## DATA EXTRACT
(* Let $\mathcal H$ be a Hilbert space, let $\mathfrak H\subset\mathcal H$ be a closed subspace, $\mathfrak N=\mathcal H\ominus\mathfrak H$, and let $A_0:\mathfrak H\to\mathcal H$ be a Hermitian contraction with ${\rm dom}\,A_0=\mathfrak H$. Let $T$ be a qsc-extension of $A_0$ in $\mathcal H$ and let $\tau=\{T;\mathfrak N,\mathfrak N,\mathfrak H\}$ be the pqs-system given by the block decomposition of $T$ with respect to $\mathcal H=\mathfrak N\oplus\mathfrak H$. Then the following are equivalent: (i) $A_0$ is simple; (ii) $T$ is $\mathfrak N$-minimal; (iii) $\tau$ is minimal.
   Context: $A_0$ Hermitian means $(A_0f,g)=(f,A_0g)$ for $f,g\in{\rm dom}\,A_0$. $A_0$ is simple if there is no nonzero subspace of ${\rm dom}\,A_0$ invariant under $A_0$ (i.e. $A_0$ has no selfadjoint part). A quasi-selfadjoint contraction (qsc-operator) is a contraction $T\in\mathbf L(\mathcal H)$ with ${\rm ker}(T-T^* )\neq\{0\}$; $T$ is a qsc-extension of $A_0$ if $A_0\subset T$ and $A_0\subset T^*$ (equivalently ${\rm dom}\,A_0\subset{\rm ker}(T-T^* )$, so ${\rm ran}(T-T^* )\subset\mathfrak N$). $T$ is $\mathfrak N$-minimal if $\overline{\rm span}\{T^n\mathfrak N:n\ge0\}=\mathcal H$. A pqs-system $\{T;\mathfrak N,\mathfrak N,\mathfrak H\}$ has $T=\begin{pmatrix}D&C\\ B&A\end{pmatrix}:\mathfrak N\oplus\mathfrak H\to\mathfrak N\oplus\mathfrak H$ contractive with ${\rm ran}(T-T^* )\subset\mathfrak N$; minimal means $\overline{\rm span}\{A^nB\mathfrak N\}=\mathfrak H=\overline{\rm span}\{A^{*n}C^*\mathfrak N\}$. *)

From Stdlib Require Import Reals.
Open Scope R_scope.

Record Cx := mkC { Cre : R; Cim : R }.
Definition C0 : Cx := mkC 0 0.
Definition C1 : Cx := mkC 1 0.
Definition Cadd (a b : Cx) : Cx := mkC (Cre a + Cre b) (Cim a + Cim b).
Definition Cmul (a b : Cx) : Cx :=
  mkC (Cre a * Cre b - Cim a * Cim b) (Cre a * Cim b + Cim a * Cre b).
Definition Cconj (a : Cx) : Cx := mkC (Cre a) (- Cim a).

## ACTION ITEM
In the listing above, the line with "Definition C0 : Cx := mkC 0 0." and every line after it must be set down word for word, and no other line.

## YOUR RESPONSE
Definition C0 : Cx := mkC 0 0.
Definition C1 : Cx := mkC 1 0.
Definition Cadd (a b : Cx) : Cx := mkC (Cre a + Cre b) (Cim a + Cim b).
Definition Cmul (a b : Cx) : Cx :=
  mkC (Cre a * Cre b - Cim a * Cim b) (Cre a * Cim b + Cim a * Cre b).
Definition Cconj (a : Cx) : Cx := mkC (Cre a) (- Cim a).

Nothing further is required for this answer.